> [Your goal] The answer must consist solely of the line that contains "apply: gateaux_max_le0 df" and all subsequent lines of the data, each reproduced exactly.

────────

End Constraints.

Section Multipliers.
Context {R : realType} {E : tvsType R}.

Lemma linear_ascent_alternative {D l : E -> R} {w0 : E} :
  is_linear D -> is_linear l -> 0 < D w0 ->
  (exists2 v, 0 < D v & 0 < l v) \/
  exists2 c, 0 <= c & forall v, c * D v + l v = 0.
Proof.
move=> lD ll Dw0.
have [ascent|no_ascent] := pselect (exists2 v, 0 < D v & 0 < l v).
  by left.
right.
pose u := (D w0)^-1 *: w0.
have Du : D u = 1 by rewrite (is_linearZ lD) mulVf // gt_eqF.
have l_le0 v : 0 < D v -> l v <= 0.
  by move=> Dv; rewrite leNgt; apply/negP => lv; apply: no_ascent; exists v.
exists (- l u); first by rewrite oppr_ge0 l_le0 // Du.
by move=> v; rewrite (is_linear_proportional lD ll Du l_le0 v); ring.
Qed.

Lemma fritz_john {Omega : set E} {f : E -> R} {C : set (E -> R)} {xh : E}
    {Df : E -> R} :
  open Omega -> Omega xh -> nonneg_set C xh ->
  (forall x, Omega x -> nonneg_set C x -> f x <= f xh) ->
  gateaux_at f xh Df -> equi_gateaux C xh ->
  (let C' := [set phi | C phi /\ phi xh != 0] in C' = set0 \/ equi_lsc C' xh) ->
  wstar_compact (wstar_clconv (grads C xh)) ->
  ~ interior (nonneg_set C) xh ->
  exists (lam beta : R) (xs : E -> R),
    [/\ 0 <= lam, 0 <= beta, tangent_dual C xh xs, (lam, beta) != (0, 0) &
        forall v, lam * Df v + beta * xs v = 0].
Proof.
move=> Omega_open Omega_xh xh_feasible fmax df C_equi C_lsc hull_compact
  not_interior.
have lD : is_linear Df by case: df => /dual_linear.
have active_ne0 := active_grads_neq0 xh_feasible C_lsc C_equi.1 not_interior.
apply: contrapT => no_multipliers.
have [w0 Dw0] : exists w0, 0 < Df w0.
  apply: contrapT => Df_le0; apply: no_multipliers.
  have [l0 Tl0] := tangent_dual_neq0 hull_compact active_ne0.
  exists 1, 0, l0; split => //; first by rewrite xpair_eqE oner_eq0.
  have Dle0 v : Df v <= 0.
    by rewrite leNgt; apply/negP => Dv; apply: Df_le0; exists v.
  by move=> v; have := Dle0 (- v); rewrite (is_linearN lD); have := Dle0 v; lra.
have ascent l : tangent_dual C xh l -> exists2 v, 0 < Df v & 0 < l v.
  move=> Tl; have [//|[c c_ge0 c_mult]] :=
    linear_ascent_alternative lD (tangent_dual_linear Tl) Dw0.
  case: no_multipliers; exists c, 1, l; split => //.
    by rewrite xpair_eqE oner_eq0 andbF.
  by move=> v; rewrite mul1r c_mult.
have [w Dw Tw] := compact_convex_positive_direction lD Dw0
  (tangent_dual_compact hull_compact) tangent_dual_convex
  (fun l Tl => tangent_dual_linear Tl) ascent.
have [n active_w] := tangent_dual_uniform_pos hull_compact Tw.
suff : Df w <= 0 by lra.
apply: gateaux_max_le0 df _; near=> t; apply: fmax.
- by near: t; apply: near_ray; exact: open_nbhs_nbhs.
- by near: t; apply: (feasible_direction xh_feasible C_lsc C_equi active_w).
Unshelve. all: by end_near.
Qed.

Lemma multiplier_normalize (D : E -> R) (T : set (E -> R)) :
  ~ T (fun=> 0) ->
  (exists (lam beta : R) (xs : E -> R),
    [/\ 0 <= lam, 0 <= beta, T xs, (lam, beta) != (0, 0) &
        forall v, lam * D v + beta * xs v = 0]) ->
  exists (beta : R) (xs : E -> R),
    [/\ 0 <= beta, T xs & forall v, D v + beta * xs v = 0].
Proof.
move=> T0 [lam [beta [xs [lam_ge0 beta_ge0 Txs lam_beta mult]]]].
have lam_gt0 : 0 < lam.
  rewrite lt_neqAle lam_ge0 andbT; apply/negP => /eqP lam0; apply: T0.
  have beta_neq0 : beta != 0 by move: lam_beta; rewrite -lam0 xpair_eqE eqxx.
  suff -> : (fun=> 0) = xs by [].
  apply: funext => v; have /eqP := mult v.
  by rewrite -lam0 mul0r add0r mulf_eq0 (negbTE beta_neq0) => /eqP.
exists (beta / lam), xs; split => //; first by rewrite divr_ge0.
move=> v; have -> : D v + beta / lam * xs v = (lam * D v + beta * xs v) / lam.
  by field; rewrite gt_eqF.
by rewrite mult mul0r.
Qed.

────────

> [Solution to this task]
apply: gateaux_max_le0 df _; near=> t; apply: fmax.
- by near: t; apply: near_ray; exact: open_nbhs_nbhs.
- by near: t; apply: (feasible_direction xh_feasible C_lsc C_equi active_w).
Unshelve. all: by end_near.
Qed.

Lemma multiplier_normalize (D : E -> R) (T : set (E -> R)) :
  ~ T (fun=> 0) ->
  (exists (lam beta : R) (xs : E -> R),
    [/\ 0 <= lam, 0 <= beta, T xs, (lam, beta) != (0, 0) &
        forall v, lam * D v + beta * xs v = 0]) ->
  exists (beta : R) (xs : E -> R),
    [/\ 0 <= beta, T xs & forall v, D v + beta * xs v = 0].
Proof.
move=> T0 [lam [beta [xs [lam_ge0 beta_ge0 Txs lam_beta mult]]]].
have lam_gt0 : 0 < lam.
  rewrite lt_neqAle lam_ge0 andbT; apply/negP => /eqP lam0; apply: T0.
  have beta_neq0 : beta != 0 by move: lam_beta; rewrite -lam0 xpair_eqE eqxx.
  suff -> : (fun=> 0) = xs by [].
  apply: funext => v; have /eqP := mult v.
  by rewrite -lam0 mul0r add0r mulf_eq0 (negbTE beta_neq0) => /eqP.
exists (beta / lam), xs; split => //; first by rewrite divr_ge0.
move=> v; have -> : D v + beta / lam * xs v = (lam * D v + beta * xs v) / lam.
  by field; rewrite gt_eqF.
by rewrite mult mul0r.
Qed.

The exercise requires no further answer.